Source data:
(* Let $\mu_1,\mu_2$, $P_{n,m}$, the nearest neighbor recurrence coefficients $a_{n,m},b_{n,m},c_{n,m},d_{n,m}$ and the marginal recurrence coefficients $a_n^2(\mu_i),b_n(\mu_i)$ be as in the context, and suppose $c_{n,m}\neq d_{n,m}$ for all $n,m\ge 0$. Then the nearest neighbor recurrence coefficients can be computed recursively (by induction on $n+m$) from the relations \begin{align*} d_{n+1,m}-d_{n,m} &= c_{n,m+1}-c_{n,m}, && n,m\ge0,\\ a_{n+1,m}+b_{n+1,m}-(a_{n,m+1}+b_{n,m+1}) &= d_{n+1,m}c_{n,m}-d_{n,m}c_{n,m+1}, && n,m\ge 0,\\ \frac{a_{n,m+1}}{a_{n,m}} &= \frac{c_{n,m}-d_{n,m}}{c_{n-1,m}-d_{n-1,m}}, && n\ge1,\ m\ge0,\\ \frac{b_{n+1,m}}{b_{n,m}} &= \frac{c_{n,m}-d_{n,m}}{c_{n,m-1}-d_{n,m-1}}, && n\ge0,\ m\ge1, \end{align*} together with the boundary conditions $a_{n,0}=a_n^2(\mu_1)$, $b_{n,0}=0$, $c_{n,0}=b_n(\mu_1)$ for $n\ge0$ and $a_{0,m}=0$, $b_{0,m}=a_m^2(\mu_2)$, $d_{0,m}=b_m(\mu_2)$ for $m\ge0$; that is, these relations and boundary conditions determine all $a_{n,m},b_{n,m},c_{n,m},d_{n,m}$ ($n,m\ge0$) uniquely.
   Context: Let $\mu_1,\mu_2$ be positive Borel measures on $\mathbb{R}$ with all moments finite, forming a normal system: for every $(n,m)\in\mathbb{N}^2$ there is a unique monic polynomial $P_{n,m}$ of degree $n+m$ with $\int x^kP_{n,m}\,d\mu_1=0$ for $0\le k\le n-1$ and $\int x^kP_{n,m}\,d\mu_2=0$ for $0\le k\le m-1$. Set $P_{n,m}=0$ if $n<0$ or $m<0$. The nearest neighbor recurrence coefficients are defined by \[ xP_{n,m}=P_{n+1,m}+c_{n,m}P_{n,m}+a_{n,m}P_{n-1,m}+b_{n,m}P_{n,m-1},\qquad xP_{n,m}=P_{n,m+1}+d_{n,m}P_{n,m}+a_{n,m}P_{n-1,m}+b_{n,m}P_{n,m-1}, \] with the convention $a_{0,m}=0$ and $b_{n,0}=0$ for the coefficients multiplying zero polynomials. For $i=1,2$, $P_n(x;\mu_i)$ are the monic orthogonal polynomials for $\mu_i$, satisfying $xP_n(x;\mu_i)=P_{n+1}(x;\mu_i)+b_n(\mu_i)P_n(x;\mu_i)+a_n^2(\mu_i)P_{n-1}(x;\mu_i)$ for $n\ge0$, with $P_0=1$, $P_{-1}=0$ and $a_0^2(\mu_i)=0$. (Thus $P_{n,0}=P_n(\cdot;\mu_1)$ and $P_{0,m}=P_m(\cdot;\mu_2)$.) The four displayed relations in the claim are known to hold for the nearest neighbor recurrence coefficients. *)

From mathcomp Require Import all_boot all_order all_algebra.
From mathcomp Require Import all_classical all_reals.
Set Implicit Arguments. Unset Strict Implicit. Unset Printing Implicit Defensive.
Import Order.TTheory GRing.Theory Num.Theory.
Local Open Scope ring_scope.

(* A family of nearest-neighbor coefficients (a, b, c, d), indexed by (n, m),
   satisfies the four nearest-neighbor relations (ratio relations written in
   cross-multiplied form) and the boundary conditions determined by the
   marginal recurrence coefficients a1 = a_n^2(mu1), b1 = b_n(mu1),
   a2 = a_m^2(mu2), b2 = b_m(mu2). *)
Definition nn_relations (R : realType) (a b c d : nat -> nat -> R) : Prop :=
  [/\ (forall n m : nat, d n.+1 m - d n m = c n m.+1 - c n m),
      (forall n m : nat, a n.+1 m + b n.+1 m - (a n m.+1 + b n m.+1)
                         = d n.+1 m * c n m - d n m * c n m.+1),
      (forall n m : nat, (1 <= n)%N ->
         a n m.+1 * (c n.-1 m - d n.-1 m) = a n m * (c n m - d n m)) &
      (forall n m : nat, (1 <= m)%N ->
         b n.+1 m * (c n m.-1 - d n m.-1) = b n m * (c n m - d n m))].

Definition nn_boundary (R : realType) (a1 b1 a2 b2 : nat -> R)
  (a b c d : nat -> nat -> R) : Prop :=
  [/\ (forall n : nat, a n 0%N = a1 n /\ b n 0%N = 0 /\ c n 0%N = b1 n) &
      (forall m : nat, a 0%N m = 0 /\ b 0%N m = a2 m /\ d 0%N m = b2 m)].

From mathcomp Require Import all_boot all_order all_algebra.
From mathcomp Require Import all_classical all_reals.
From mathcomp Require Import ring zify.
Import Order.TTheory GRing.Theory Num.Theory.
Set Implicit Arguments.
Unset Strict Implicit.
Unset Printing Implicit Defensive.

Local Open Scope ring_scope.

(* Off the boundary, the two ratio relations (with the nonzero
   denominator c_{n,m} - d_{n,m}) determine a_{n+1,m+1} and b_{n+1,m+1} from
   the previous anti-diagonals; once d_{n+1,m} is eliminated by the first
   relation, the second relation is affine in c_{n,m+1} with slope
   c_{n,m} - d_{n,m}, which determines c_{n,m+1}; finally the first relation
   gives d_{n+1,m}. *)

Lemma nn_d_succ (R : realType) (a b c d : nat -> nat -> R) (n m : nat) :
  nn_relations a b c d -> d n.+1 m = c n m.+1 - c n m + d n m.
Proof. by case=> rel1 _ _ _; rewrite -rel1 subrK. Qed.

Lemma nn_relation2_affine (R : realType) (a b c d : nat -> nat -> R) (n m : nat) :
  nn_relations a b c d ->
  a n.+1 m + b n.+1 m - (a n m.+1 + b n m.+1)
    = c n m.+1 * (c n m - d n m) + c n m * (d n m - c n m).
Proof.
move=> rel; have [_ rel2 _ _] := rel.
by rewrite rel2 (nn_d_succ _ _ rel); ring.
Qed.

Section Uniqueness.

Variables (R : realType) (a1 b1 a2 b2 : nat -> R).
Variables (a b c d a' b' c' d' : nat -> nat -> R).
Hypotheses (rel : nn_relations a b c d) (rel' : nn_relations a' b' c' d').
Hypotheses (bd : nn_boundary a1 b1 a2 b2 a b c d)
           (bd' : nn_boundary a1 b1 a2 b2 a' b' c' d').
Hypothesis c_neq_d : forall n m : nat, c n m != d n m.

Let agree n m :=
  [/\ a' n m = a n m, b' n m = b n m, c' n m = c n m & d' n m = d n m].

Let agree_upto K := forall n m : nat, (n + m <= K)%N -> agree n m.

Lemma nn_cd_diff_neq0 n m : c n m - d n m != 0.
Proof. by rewrite subr_eq0. Qed.

Lemma nn_a_succ_eq n m : c' n m = c n m -> d' n m = d n m -> agree n.+1 m ->
  a' n.+1 m.+1 = a n.+1 m.+1.
Proof.
move=> ec ed [ea _ ec1 ed1]; have [_ _ rel3 _] := rel; have [_ _ rel3' _] := rel'.
apply: (mulIf (nn_cd_diff_neq0 n m)); rewrite -[in LHS]ec -[in LHS]ed.
by rewrite (rel3' n.+1 m erefl) (rel3 n.+1 m erefl) ea ec1 ed1.
Qed.

Lemma nn_b_succ_eq n m : c' n m = c n m -> d' n m = d n m -> agree n m.+1 ->
  b' n.+1 m.+1 = b n.+1 m.+1.
Proof.
move=> ec ed [_ eb ec1 ed1]; have [_ _ _ rel4] := rel; have [_ _ _ rel4'] := rel'.
apply: (mulIf (nn_cd_diff_neq0 n m)); rewrite -[in LHS]ec -[in LHS]ed.
by rewrite (rel4' n m.+1 erefl) (rel4 n m.+1 erefl) eb ec1 ed1.
Qed.

Lemma nn_c_succ_eq n m : c' n m = c n m -> d' n m = d n m ->
  a' n.+1 m = a n.+1 m -> b' n.+1 m = b n.+1 m ->
  a' n m.+1 = a n m.+1 -> b' n m.+1 = b n m.+1 ->
  c' n m.+1 = c n m.+1.
Proof.
move=> ec ed ea1 eb1 ea2 eb2.
have := nn_relation2_affine n m rel'; rewrite ec ed ea1 eb1 ea2 eb2.
by rewrite (nn_relation2_affine n m rel) => /addIr /(mulIf (nn_cd_diff_neq0 n m)).
Qed.

Lemma nn_d_succ_eq n m : c' n m = c n m -> d' n m = d n m ->
  c' n m.+1 = c n m.+1 -> d' n.+1 m = d n.+1 m.
Proof.
move=> ec ed ec1.
by rewrite (nn_d_succ _ _ rel) (nn_d_succ _ _ rel') ec ed ec1.
Qed.

Lemma nn_agree_row0 n : [/\ a' n 0 = a n 0, b' n 0 = b n 0 & c' n 0 = c n 0].
Proof.
have [row _] := bd; have [row' _] := bd'.
by have [-> [-> ->]] := row n; have [-> [-> ->]] := row' n.
Qed.

Lemma nn_agree_col0 m : [/\ a' 0 m = a 0 m, b' 0 m = b 0 m & d' 0 m = d 0 m].
Proof.
have [_ col] := bd; have [_ col'] := bd'.
by have [-> [-> ->]] := col m; have [-> [-> ->]] := col' m.
Qed.

Lemma nn_agree_diag0 : agree_upto 0.
Proof.
move=> n m; rewrite leqn0 addn_eq0 => /andP[/eqP -> /eqP ->].
by have [ea eb ec] := nn_agree_row0 0; have [_ _ ed] := nn_agree_col0 0.
Qed.

Section Step.

Variable K : nat.
Hypothesis IH : agree_upto K.

Lemma nn_a_agree_diag_succ n m : (n + m <= K.+1)%N -> a' n m = a n m.
Proof.
case: n => [|n] le_nmK; first by case: (nn_agree_col0 m).
case: m le_nmK => [|m] le_nmK; first by case: (nn_agree_row0 n.+1).
have [_ _ ec ed] : agree n m by apply: IH; lia.
by apply: nn_a_succ_eq => //; apply: IH; lia.
Qed.

Lemma nn_b_agree_diag_succ n m : (n + m <= K.+1)%N -> b' n m = b n m.
Proof.
case: n => [|n] le_nmK; first by case: (nn_agree_col0 m).
case: m le_nmK => [|m] le_nmK; first by case: (nn_agree_row0 n.+1).
have [_ _ ec ed] : agree n m by apply: IH; lia.
by apply: nn_b_succ_eq => //; apply: IH; lia.
Qed.

Lemma nn_c_agree_diag_succ n m : (n + m <= K.+1)%N -> c' n m = c n m.
Proof.
case: m => [|m] le_nmK; first by case: (nn_agree_row0 n).
have [_ _ ec ed] : agree n m by apply: IH; lia.
by apply: nn_c_succ_eq => //; [apply: nn_a_agree_diag_succ|apply: nn_b_agree_diag_succ
  |apply: nn_a_agree_diag_succ|apply: nn_b_agree_diag_succ]; lia.
Qed.

Lemma nn_d_agree_diag_succ n m : (n + m <= K.+1)%N -> d' n m = d n m.
Proof.
case: n => [|n] le_nmK; first by case: (nn_agree_col0 m).
have [_ _ ec ed] : agree n m by apply: IH; lia.
by apply: nn_d_succ_eq => //; apply: nn_c_agree_diag_succ; lia.
Qed.

Lemma nn_agree_diag_succ : agree_upto K.+1.
Proof.
move=> n m le_nmK; split;
  [exact: nn_a_agree_diag_succ|exact: nn_b_agree_diag_succ|exact: nn_c_agree_diag_succ|exact: nn_d_agree_diag_succ].
Qed.

End Step.

Lemma nn_agree_everywhere n m : agree n m.
Proof.
have all_K : forall K, agree_upto K.
  by elim=> [|K IH]; [exact: nn_agree_diag0 | exact: nn_agree_diag_succ].
exact: all_K (n + m)%N n m (leqnn _).
Qed.

Lemma nn_coefficients_unique : [/\ a' = a, b' = b, c' = c & d' = d].
Proof.
by split; apply/funext=> n; apply/funext=> m; case: (nn_agree_everywhere n m).
Qed.

End Uniqueness.

(* The hypotheses a1 0 = 0 and a2 0 = 0 only make the boundary data
   consistent at (0, 0); uniqueness does not need them. *)
Theorem theorem3p1 (R : realType) (a1 b1 a2 b2 : nat -> R)
  (a b c d : nat -> nat -> R) :
  a1 0%N = 0 -> a2 0%N = 0 ->
  nn_relations a b c d -> nn_boundary a1 b1 a2 b2 a b c d ->
  (forall n m : nat, c n m != d n m) ->
  forall a' b' c' d' : nat -> nat -> R,
    nn_relations a' b' c' d' -> nn_boundary a1 b1 a2 b2 a' b' c' d' ->
    [/\ a' = a, b' = b, c' = c & d' = d].
Proof.
move=> _ _ rel bd c_neq_d a' b' c' d' rel' bd'.
exact: nn_coefficients_unique rel rel' bd bd' c_neq_d.
Qed.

Exercise instructions: Copy the lines above exactly, beginning at the line that has "c' n m.+1 = c n m.+1 ->" and stopping after the line that has "Hypothesis IH : agree_upto K.", and omit the rest.

Solution to this task:
  c' n m.+1 = c n m.+1 -> d' n.+1 m = d n.+1 m.
Proof.
move=> ec ed ec1.
by rewrite (nn_d_succ _ _ rel) (nn_d_succ _ _ rel') ec ed ec1.
Qed.

Lemma nn_agree_row0 n : [/\ a' n 0 = a n 0, b' n 0 = b n 0 & c' n 0 = c n 0].
Proof.
have [row _] := bd; have [row' _] := bd'.
by have [-> [-> ->]] := row n; have [-> [-> ->]] := row' n.
Qed.

Lemma nn_agree_col0 m : [/\ a' 0 m = a 0 m, b' 0 m = b 0 m & d' 0 m = d 0 m].
Proof.
have [_ col] := bd; have [_ col'] := bd'.
by have [-> [-> ->]] := col m; have [-> [-> ->]] := col' m.
Qed.

Lemma nn_agree_diag0 : agree_upto 0.
Proof.
move=> n m; rewrite leqn0 addn_eq0 => /andP[/eqP -> /eqP ->].
by have [ea eb ec] := nn_agree_row0 0; have [_ _ ed] := nn_agree_col0 0.
Qed.

Section Step.

Variable K : nat.
Hypothesis IH : agree_upto K.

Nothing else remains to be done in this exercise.